Saturday, September 04, 2010

Mass Effect: Debrief

It's true: it's taken me until now to play through Mass Effect.  Yes, it's been around for more than two years--in fact, I think I got some sort of second anniversary discount when I bought it back in May.  Yes, a veritable legion of my friends has tried to convince me to play it for those last two years--and friends whose video game opinions I generally respect.  Yes, I pretty much adore Dragon Age: Origins--and in the grand Bioware tradition, Dragon Age is basically just Mass Effect dressed up as fantasy.

I don't know why it's taken me so long.  Part of it was probably my lack of time over the last two years; part of it was that I anticipated the game having too much shooter influence for my tastes--even though shooters are de rigueur in video gaming these days, I haven't played one I really got into since Perfect Dark back in 2000.  Of course, my friends were completely right on this one.  Mass Effect is a very good video game.

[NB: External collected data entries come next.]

End LocalPermutation.

(* The root-fixing automorphism with local permutation [s0] at the root, whose
   local permutation at a vertex [a :: u] is [next (h (a :: u)) a s], where [s] is
   its local permutation at [u]; [next_back] says that the edge back to [u] is
   still sent to the edge back to [h u]. *)
Section TreeAutomorphism.
Variables (d : nat) (next : seq 'I_d -> 'I_d -> {perm 'I_d} -> {perm 'I_d}).
Variable s0 : {perm 'I_d}.
Hypothesis next_back : forall w a s, next w a s a = s a.
Implicit Types (a b : 'I_d) (v : vtx d).

Fixpoint tree_aut_rec (w : seq 'I_d) : seq 'I_d * {perm 'I_d} :=
  if w is a :: u then
    let p := tree_aut_rec u in let hw := p.2 a :: p.1 in (hw, next hw a p.2)
  else ([::], s0).

Lemma tree_aut_rec_reduced w : reducedb w -> reducedb (tree_aut_rec w).1.
Proof.
elim: w => // a [|b w] IH //= /andP[ab rw].
have /= -> := IH rw; case: (tree_aut_rec w) => hw s /=.
by rewrite andbT -[X in _ != X](next_back (s b :: hw) b s) (inj_eq perm_inj).
Qed.

Definition tree_aut v : vtx d :=
  exist _ (tree_aut_rec (val v)).1 (tree_aut_rec_reduced (valP v)).

Definition tree_lperm v : {perm 'I_d} := (tree_aut_rec (val v)).2.

Lemma tree_aut_root : tree_aut (Defs.root d) = Defs.root d.
Proof. exact: val_inj. Qed.

Lemma tree_aut_nbr a v : tree_aut (nbr a v) = nbr (tree_lperm v a) (tree_aut v).
Proof.
apply: val_inj; rewrite /tree_lperm /=; case: v => [[|b w] _] //=.
set s := (tree_aut_rec w).2; set hw := (tree_aut_rec w).1.
case: eqP => [->|ne] /=; first by rewrite (next_back _ a) eqxx.
by rewrite -[X in X == _](next_back (s b :: hw) b s) (inj_eq perm_inj) (introF eqP ne).
Qed.

Lemma tree_aut_inj : injective tree_aut.
Proof.
move=> [u ru] [v rv] /(congr1 val) /= E; apply: val_inj => /=.
elim: u v E {ru rv} => [|a u IH] [|b v] //= [Eab Ehu].
by have Euv := IH _ Ehu; subst v; rewrite (perm_inj Eab).
Qed.

Lemma tree_aut_surj w : exists v, tree_aut v = w.
Proof.
case: w => w rw; suff [u [ru Eu]] : exists u, reducedb u /\ (tree_aut_rec u).1 = w.
  by exists (exist _ u ru); apply: val_inj.
elim: w rw => [|b w IH] rw; first by exists [::].
have [u [ru Eu]] := IH (path_sorted rw).
exists (((tree_aut_rec u).2)^-1%g b :: u); split; last by rewrite /= permKV Eu.
case: u ru Eu => [|a u] //= ru Eu; rewrite ru andbT; apply/eqP => Eab.
set s := (tree_aut_rec u).2 in Eu Eab; set hu := (tree_aut_rec u).1 in Eu Eab.
have Eb : b = s a by move/(congr1 (next (s a :: hu) a s)): Eab; rewrite permKV next_back.
by move: rw; rewrite -Eu Eb /= eqxx.
Qed.

Lemma tree_aut_is_aut : is_aut tree_aut.
Proof.
apply: aut_of_local; first exact: inj_surj_bij tree_aut_inj tree_aut_surj.
by move=> v; exists (tree_lperm v) => a; exact: tree_aut_nbr.
Qed.

Lemma lperm_tree_aut v : lperm tree_aut v = tree_lperm v.
Proof. by apply: lpermE => a; exact: tree_aut_nbr. Qed.

End TreeAutomorphism.

(* The permutation representation of [F'] on the right cosets of [F], numbered
   so that the coset [F] itself gets index 0. *)
Section CosetPermutation.
Variables (gT : finGroupType) (F F' : {group gT}).
Local Open Scope group_scope.
Local Notation n := #|F' : F|.
Local Notation cosets := (rcosets F F').

Lemma group_in_rcosets : (F : {set gT}) \in cosets.
Proof. by apply/rcosetsP; exists 1; rewrite ?group1 ?rcoset1. Qed.

Lemma rcosets_rcoset X s : X \in cosets -> s \in F' -> X :* s \in cosets.
Proof.
by move=> /rcosetsP[t tF ->] sF; apply/rcosetsP; exists (t * s); rewrite ?groupM ?rcosetM.
Qed.

Definition coset0 : 'I_n := Ordinal (indexg_gt0 F' F).

Definition coset_swap : {perm 'I_n} :=
  tperm coset0 (enum_rank_in group_in_rcosets (F : {set gT})).

Definition coset_of_index (i : 'I_n) : {set gT} := enum_val (A := cosets) (coset_swap i).

Definition index_of_coset (X : {set gT}) : 'I_n :=
  coset_swap (enum_rank_in group_in_rcosets X).

Lemma coset_of_indexK : cancel coset_of_index index_of_coset.
Proof. by move=> i; rewrite /index_of_coset /coset_of_index enum_valK_in tpermK. Qed.

Lemma index_of_cosetK : {in cosets, cancel index_of_coset coset_of_index}.
Proof. by move=> X XF; rewrite /index_of_coset /coset_of_index tpermK enum_rankK_in. Qed.

Lemma coset_of_index_in i : coset_of_index i \in cosets.
Proof. exact: enum_valP. Qed.

Lemma coset_of_index0 : coset_of_index coset0 = F.
Proof. by rewrite /coset_of_index tpermL enum_rankK_in ?group_in_rcosets. Qed.

Lemma index_of_coset_inj : {in cosets &, injective index_of_coset}.
Proof. by move=> X Y XF YF E; rewrite -(index_of_cosetK XF) -(index_of_cosetK YF) E. Qed.

Definition coset_act s i : 'I_n :=
  if s \in F' then index_of_coset (coset_of_index i :* s) else i.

I've argued before that every Bioware game plays the same, and Mass Effect is no exception.  It follows the now-familiar structure: a short in media res prologue that gets the action going; Act 1, which takes place in some beacon of civilization, establishes the central conflict of the game, and builds your party; a massive Act 2 that occupies the majority of the game and features four parallel main quests in the far reaches of the setting; a climactic Act 3, which features some major plot revelations and sets up the final battle; and a short Act 4, which is basically the final battle with a short lead-up.  There are lots of side assignments you can do, many of which involve your characters and getting to know their stories better--including some that lead to romance subplots.

At around 35 hours, Mass Effect is a little shorter than I expected it to be.  Maybe that shows the background that I game from--I grew up on JRPGs like Chrono Trigger and the Final Fantasy series that, even back in 1995, routinely lasted for 50-60 hours.  I sunk 110 hours into Final Fantasy X, 120 into Oblivion, and I don't even want to know how many (but probably at least 150) into Morrowind.  I didn't explore every nook of every isolated planet to find every side quest in the game, but I did put reasonable effort into finishing all the ones I bumped into.  You could probably stretch Mass Effect to 40-45 hours if you dragged a fine-toothed comb over it, or you could probably speed through it in as few as 20-25.

But that would be a mistake.  Bioware might come across as the poor man's Bethesda when it comes to crafting open, dynamic, and explorable worlds, but they're still far and away better at it than virtually everyone else in the business.  There's a lot going on in Mass Effect, between history, setting, and characters, and it's worth it to explore as much of it as is feasible.

Mass Effect doesn't suffer from nearly as many difficulty issues as would plague Dragon Age: Origins just a year later.  Both games scale their difficulty, so that your enemies get tougher as you do--except that the only thing that happens to your enemies is that the numbers go up.  As you become more powerful, it's not strictly about the numbers, it's also about the additional things you can do.  My mage character in Dragon Age was very much tilted toward "things" rather than "numbers," so the beginning of the game was unreasonably difficult (I would routinely die to a wolf ambush), while the end was almost trivially easy (because of all the resources at my disposal, I never felt seriously threatened by the final boss). 

It might be a different approach to the character that I took in Mass Effect that made the difficulty more even throughout, or it might be that Mass Effect is just balanced better.  Either way, the difficulty is appropriate at virtually every stage of the game, and I definitely felt seriously threatened by the final boss here.

Aesthetically, the game is decent to good.  The music is passable, but it's no Jeremy Soule soundtrack (a la the Elder Scrolls games).  As for the graphics, I turned the resolution up to 1280x1024 and all the other settings squarely to "medium," and I think it struck a nice balance of looks and performance, at least on my system.  (My computer is only about a year old, and relatively powerful--but by no means a gaming rig.  If you have a machine legitimately built for gaming, you'll be able to crank all the settings up with no problem.)

The controls are reasonably intuitive and mostly explained over the course of the "prologue" act, with a the exceptions of a handful of the minigames and a couple vagaries of the Mako tank.  (In fact, there are plenty of vagaries of the Mako tank.)

But what you're really playing this game for is the story, which is executed brilliantly.  It unfolds entirely sensically from the prologue to the final act, and even though you're clearly dealing with some world- (or galaxy-) changing stuff, you never really feel overwhelmed or in over your head.  The plot toes the line between a self-contained story with an exciting climax and satisfying resolution and a first installment of a trilogy that's obviously part of something much bigger than itself.  It works on both levels, and the best sign of its success is how excited I am about playing Mass Effect 2.